I've had a soft spot for algae ever since one of my first stories for Salon, an investigation into the mysterious "super-food" blue green algae harvested from Klamath Lake in southern Oregon. My reader was telling me that algae could be converted to biodiesel at far greater efficiencies than soybean or palm oil. Algae? Pond scum to the rescue? Could it be?

Turns out there are some promising hints that algae could be a fantastic source of biodiesel. In a paper last updated in 2004, Michael Briggs, a researcher at the University of New Hampshire, lays out an ambitious goal for replacing all petrochemical fuels consumed for transportation in the U.S. from algae-derived biodiesel. Fast growing and containing high concentrations of oil, certain species of algae, writes Briggs, would require far less land than crops like corn or soybeans. Even better, from a holistic point of view, algae could be farmed using sewage effluents as nutrients! In cryptic comments posted at a biodiesel forum hosted by Briggs, the UNH scientist notes that his university is developing a proprietary conversion technique that should start being deployed in the next couple of years.

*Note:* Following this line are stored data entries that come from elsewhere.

Lemma RInt_gamma_mul_RInt_beta_le p q x eta T eps :
  0 < p -> 0 < q -> 0 < x < 1 -> 0 < eta <= T -> 0 < eps <= x ->
  RInt (gamma_integrand (p + q)) eta T * RInt (beta_integrand p q) eps x <= Gamma p * Gamma q.
Proof.
intros Hp Hq Hx Heta Heps.
set (eta' := eta * (1 - x)). assert (Heta' : 0 < eta' <= T) by (unfold eta'; nra).
assert (Hkernel : forall t u, eta' <= t <= T -> eps <= u <= x ->
  continuity_2d_pt (beta_gamma_kernel p q) t u)
  by (intros; apply continuity_2d_pt_beta_gamma_kernel; lra).
assert (Hbeta : forall u, eps <= u <= x -> continuous (beta_integrand p q) u)
  by (intros; apply continuous_beta_integrand; lra).
assert (Hprod : RInt (gamma_integrand (p + q)) eta T * RInt (beta_integrand p q) eps x
  = RInt (fun u => RInt (fun r => gamma_integrand (p + q) r * beta_integrand p q u) eta T) eps x).
{ rewrite <- RInt_scal_l by (lra || exact Hbeta).
  apply RInt_ext_le; [lra |]. intros u _.
  rewrite (RInt_ext (fun r => gamma_integrand (p + q) r * beta_integrand p q u)
    (fun r => beta_integrand p q u * gamma_integrand (p + q) r)) by (intros; apply Rmult_comm).
  rewrite RInt_scal_l by (lra || (intros; apply continuous_gamma_integrand; lra)).
  apply Rmult_comm. }
rewrite Hprod.
apply Rle_trans with (RInt (fun u => RInt (fun t => beta_gamma_kernel p q t u) eta' T) eps x).
{ apply RInt_le; [lra | | | intros; apply RInt_gamma_beta_le_RInt_beta_gamma_kernel; lra].
  - apply (ex_RInt_RInt_param_rect (fun r u => gamma_integrand (p + q) r * beta_integrand p q u));
      [lra | lra |].
    intros r u Hr Hu. apply (continuity_2d_pt_mult (fun r _ => gamma_integrand (p + q) r)).
    + apply (continuity_2d_pt_lift_l (gamma_integrand (p + q))), continuous_gamma_integrand. lra.
    + now apply (continuity_2d_pt_lift_r (beta_integrand p q)), Hbeta.
  - now apply (ex_RInt_RInt_param_rect (beta_gamma_kernel p q)); [lra | lra |]. }
rewrite <- (RInt_swap_rect (beta_gamma_kernel p q) eta' T eps x) by (lra || exact Hkernel).
apply Rle_trans with (RInt (fun t => Gamma p * gamma_integrand q t) eta' T).
{ apply RInt_le; [lra | | | intros; apply RInt_beta_gamma_kernel_le; lra].
  - apply (ex_RInt_RInt_param_rect (fun u t => beta_gamma_kernel p q t u)); [lra | lra |].
    intros u t Hu Ht. apply (continuity_2d_pt_swap (beta_gamma_kernel p q) t u). now apply Hkernel.
  - apply ex_RInt_continuous_le; [lra |]. intros t Ht.
    apply (continuous_mult (fun _ => Gamma p)); [apply continuous_const |].
    apply continuous_gamma_integrand. lra. }
rewrite RInt_scal_l by (lra || (intros; apply continuous_gamma_integrand; lra)).
apply Rmult_le_compat_l; [left; now apply Gamma_pos | apply Gamma_sup; lra].
Qed.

Green Fuels Technology, a Boston start-up somewhat unkindly referred to by one trade press publication as a "scum-fuel producer," is also moving forward on the algae-biodiesel front. Their approach is exciting because it is based on converting power plant emissions into food for algae, which is then harvested for biodiesel. Using greenhouse gas production as an energy source is my kind of renewable energy fun.

It's all very cool -- I very much hope that in the not-too-distant future my car is running on algae fumes. But if algae really holds such promise, shouldn't we be doing a little more than waiting for a handful of researchers and lightly funded start-ups to change the world? That's where the Renewable Energy & Energy Efficiency Program comes in. What in the name of god's green algae is the House of Representatives thinking? What could possibly be more important to the security and economic health of the United States than coming up with alternative sources of energy?

I called the Environmental and Energy Study Institute, a Washington nonprofit that tracks renewable energy issues, to find out what was going on with the Deficit Reduction Act. According to a spokesperson there, the situation isn't as dire as the House vote indicates. The Senate and the House have yet to conference for a final version of the bill, and the Renewable Energy & Efficiency Program is expected to survive once the two sides of Congress get together.

That might be worth a sigh of relief, but it's not enough. A detailed report released by the National Resources Defense Council in December 2004 calls for the federal government to spend $1.1 billion over the next 10 years on biofuel research and production. That would be a nice start. But imagining it will actually happen is pure fantasy. The best we can do, right now, is keep what little funding there already is from being cut.